The scope of a governing law clause: what should it cover?

When commercial parties reach an agreement, a written agreement will usually set out their "contractual"
obligations. The parties may, however, also have obligations which arise out of general law and which are not
contained in the terms of the contract. These "non-contractual" obligations could arise in relation to both:

the period before the contract is entered into; for example, claims for negligent and innocent
misrepresentation or in the tort of deceit may arise out of statements made in pre-contractual
negotiations; and

the period after the contract has been entered into; for example, in addition to any contractual
obligations, one party may owe the other a duty of care in tort to take (or not take) certain steps.
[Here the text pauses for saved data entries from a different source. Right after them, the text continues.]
Lemma theta_hatE c x s : dom Psi x -> argmin_lin Psi (gradf x) s ->
  theta_hat gradf f Psi c x s = sup (feasible (DcalR x s) ((1 - c) * gapR x s)).
Proof.
move=> hx hs; congr sup; apply/seteqP; split => t [ht H]; split => //; move: H;
  rewrite (DcalE hx hs ht) (gapE hx hs) -!EFinM -!EFinD lee_fin; lra.
Qed.

Lemma weak_growthR q r M x s t : weak_growth gradf f Psi q r M ->
  dom Psi x -> argmin_lin Psi (gradf x) s -> 0 <= t <= 1 ->
  DcalR x s t * subopt f Psi x `^ (1 - r) <= M * t `^ q / q * gapR x s.
Proof.
move=> hwg hx hs ht; have := hwg x hx s (argmin_lin_subdiff hs) t ht.
by rewrite (DcalE hx hs ht) (gapE hx hs) -!EFinM lee_fin.
Qed.

Lemma conditional_gradient_step c rho q r M x s th :
  0 < c < 1 -> 0 < rho < 1 -> 1 < q -> 0 < M -> weak_growth gradf f Psi q r M ->
  dom Psi x -> argmin_lin Psi (gradf x) s -> 0 <= th <= 1 ->
  rho * theta_hat gradf f Psi c x s <= th <= theta_hat gradf f Psi c x s ->
  subopt f Psi (x + th *: (s - x)) <=
    subopt f Psi x * (1 - (c + rho - 1) * step_size c q r M (subopt f Psi x)).
Proof.
move=> hc hrho hq hM hwg hx hs hth; rewrite theta_hatE // subopt_segment //.
apply: descent_step => //.
- exact: DcalR0.
- by move=> t l ht hl; apply: DcalR_star.
- by move=> T hT H; apply: DcalR_left_closed.
- by move=> t ht; apply: weak_growthR.
- exact: subopt_le_gap.
Qed.

End ConditionalGradient.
Therefore, when drafting the governing law clause, thought should be given to whether to limit it to the
agreement itself or to extend it so that any other non-contractual obligations related to the contract are also
covered. 8
An example of a clause which seeks to do this is as follows:
"This agreement, and any dispute, controversy, proceedings or claim of whatever nature arising out of or
in any way relating to this agreement or its formation (including any non-contractual disputes or claims),
shall be governed by and construed in accordance with English law."
A clause in these terms will not guarantee that any non-contractual claims between the parties are always
governed by English law. However, adopting these terms can only increase the prospect of parties' noncontractual obligations being governed by the law identified in the governing law clause. This, in turn, will allow
parties to analyse their legal relationships with greater certainty and, it is hoped, avoid the risk that time and
cost is spent arguing over what law applies.
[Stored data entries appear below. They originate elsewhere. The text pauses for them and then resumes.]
(* Summed over (y, z) this weight gives the conditionally independent mass of
   v; summed over v it collapses onto the single point [glue S T y z]. *)
Definition glue_weight S T v y z : \bar R :=
  (if [&& prj (S :|: T) v == v, prj S y == prj S v & prj T z == prj T v]
   then p y * p z / pmarg (S :&: T) v else 0)%:E.

Lemma glue_weight_ge0 S T v y z : (0 <= glue_weight S T v y z)%E.
Proof.
rewrite /glue_weight lee_fin; case: ifP => // _.
by rewrite divr_ge0 ?mulr_ge0 ?pmarg_ge0.
Qed.

Lemma esum_glue_weight S T v :
  (if prj (S :|: T) v == v then pmarg S v * pmarg T v / pmarg (S :&: T) v
   else 0)%:E =
  \esum_(y in [set: outcome n]) \esum_(z in [set: outcome n]) glue_weight S T v y z.
Proof.
rewrite /glue_weight; case: (prj (S :|: T) v == v) => /=; last first.
  by rewrite esum1 // => y _; rewrite esum1.
set w := pmarg (S :&: T) v.
transitivity (\esum_(y in [set: outcome n])
  ((if prj S y == prj S v then p y / w else 0)%:E * marg p T (prj T v)))%E;
  last first.
  apply: eq_esum => y _; rewrite margE -esumZl; last 2 first.
  - by case: ifP => // _; rewrite divr_ge0 ?pmarg_ge0.
  - by move=> z; rewrite lee_fin; case: ifP.
  apply: eq_esum => z _; rewrite -EFinM.
  by case: (prj S y == prj S v); case: (prj T z == prj T v);
    rewrite /= ?mul0r ?mulr0 // mulrAC.
rewrite -pmargE.
transitivity (\esum_(y in [set: outcome n])
  ((pmarg T v / w)%:E * (if prj S y == prj S v then p y else 0)%:E))%E; last first.
  apply: eq_esum => y _; rewrite -!EFinM.
  by congr (_%:E); case: (prj S y == prj S v); rewrite ?mulr0 ?mul0r //; ring.
rewrite esumZl; last 2 first.
- by rewrite divr_ge0 ?pmarg_ge0.
- by move=> y; rewrite lee_fin; case: ifP.
by rewrite -margE -pmargE -EFinM; congr (_%:E); ring.
Qed.

Lemma esum_glue_weight_le S T y z :
  (\esum_(v in [set: outcome n]) glue_weight S T v y z <=
   (if prj (S :&: T) z == prj (S :&: T) y
    then p y * p z / pmarg (S :&: T) y else 0)%:E)%E.
Proof.
set W := S :&: T; rewrite (@esum_support1 _ _ _ (glue S T y z)); last 2 first.
- move=> v vg; rewrite /glue_weight.
  case: ifP => // /and3P [/eqP h1 /eqP h2 /eqP h3].
  by move: vg; rewrite -(glue_eq h1 h2 h3) eqxx.
- exact: glue_weight_ge0.
rewrite /glue_weight; case: ifP => [/and3P [_ /eqP h2 /eqP h3]|_]; last first.
  by rewrite lee_fin; case: ifP => // _; rewrite divr_ge0 ?mulr_ge0 ?pmarg_ge0.
have eWy : prj W y = prj W (glue S T y z).
  by rewrite -(proj_proj_sub y (finset.subsetIl S T)) h2 proj_proj_sub
    ?finset.subsetIl.
have eWz : prj W z = prj W (glue S T y z).
  by rewrite -(proj_proj_sub z (finset.subsetIr S T)) h3 proj_proj_sub
    ?finset.subsetIr.
by rewrite eWz eWy eqxx /pmarg eWy.
Qed.

Lemma esum_cond_indep_le1 S T : (\esum_(v in [set: outcome n])
    (if prj (S :|: T) v == v
     then pmarg S v * pmarg T v / pmarg (S :&: T) v else 0)%:E <= 1)%E.
Proof.
set W := S :&: T.
under eq_esum do rewrite esum_glue_weight.
rewrite exchange_esum; last by move=> v y; apply: esum_ge0 => z _; exact: glue_weight_ge0.
rewrite (eq_esum (b := fun y => \esum_(z in [set: outcome n])
   \esum_(v in [set: outcome n]) glue_weight S T v y z)); last first.
  by move=> y _; rewrite exchange_esum // => v z; exact: glue_weight_ge0.
apply: le_trans (_ : \esum_(y in [set: outcome n]) \esum_(z in [set: outcome n])
   (if prj W z == prj W y then p y * p z / pmarg W y else 0)%:E <= 1)%E.
  by apply: le_esum => y _; apply: le_esum => z _; exact: esum_glue_weight_le.
rewrite -esum_p; apply: le_esum => y _.
rewrite (eq_esum (b := fun z =>
   ((p y / pmarg W y)%:E * (if prj W z == prj W y then p z else 0)%:E)%E)); last first.
  by move=> z _; rewrite -EFinM; congr (_%:E); case: ifP => _; [ring | rewrite mulr0].
rewrite esumZl; last 2 first.
- by rewrite divr_ge0 ?pmarg_ge0.
- by move=> z; rewrite lee_fin; case: ifP.
rewrite -margE -pmargE -EFinM lee_fin.
have [->|m0] := eqVneq (pmarg W y) 0; first by rewrite mulr0.
by rewrite divfK.
Qed.

Lemma entropy_submod S T :
  (entropy p (S :|: T) + entropy p (S :&: T) <= entropy p S + entropy p T)%E.
Proof.
rewrite !entropyE.
have pointwise : (\esum_(x in [set: outcome n])
     ((p x * - ln (pmarg (S :|: T) x))%:E +
      (p x * - ln (pmarg (S :&: T) x))%:E + (p x)%:E) <=
   \esum_(x in [set: outcome n]) ((p x * - ln (pmarg S x))%:E +
      (p x * - ln (pmarg T x))%:E + (p x * submod_ratio S T x)%:E))%E.
  by apply: le_esum => x _; rewrite -!EFinD lee_fin; exact: surprisal_submod.
rewrite esumD ?esumD ?esum_p in pointwise.
all: try by move=> x _; rewrite ?adde_ge0 ?lee_fin ?surprisal_ge0 ?p_ge0
  ?mulr_ge0 ?submod_ratio_ge0.
rewrite -(@leeD2rE _ 1) //; apply: (le_trans pointwise); apply: leeD2l.
exact: le_trans (esum_submod_ratio_le S T) (esum_cond_indep_le1 S T).
by move=> x _; rewrite lee_fin mulr_ge0 ?submod_ratio_ge0.
Qed.

Lemma entropy_subadd S T :
  (entropy p (S :|: T) <= entropy p S + entropy p T)%E.
Proof. by apply: le_trans (entropy_submod S T); apply: leeDl; exact: entropy_ge0. Qed.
The risks in not attempting to do this are illustrated by the New York Federal Court case of Telemedia Partners Worldwide Ltd. v- Hamelin
Limited 95 Civ. 2452. In that case, a claim was brought under the Racketeer Influenced and Corrupt Organisations Act (RICO) as a result of
Hamelin's alleged fraudulent representations prior to the execution of the agreement. RICO claims give rise to treble damages, a concept not
recognised by English law. In Telemedia, the clause in issue stated as follows: "This agreement shall be governed by and construed in accordance
with English law and both [Telemedia] and [Hamelin] hereby submit to the non-exclusive jurisdiction of English courts." Telemedia brought its
claim in the New York Courts, as permitted by the non-exclusive jurisdiction clause. In answer to Telemedia's claim under RICO, Hamelin argued
that the agreement, by virtue of the governing law clause, should "be governed by and construed in accordance with English Law" so that the
RICO claim was precluded. The New York Court did not agree. It stated "[t]he plain language of the clause reveals an intent for English law to
apply only to issues relating to the construction and enforcement of the agreement". Thus the RICO claim was valid as it was based on allegations
of fraud preceding the existence of the contract.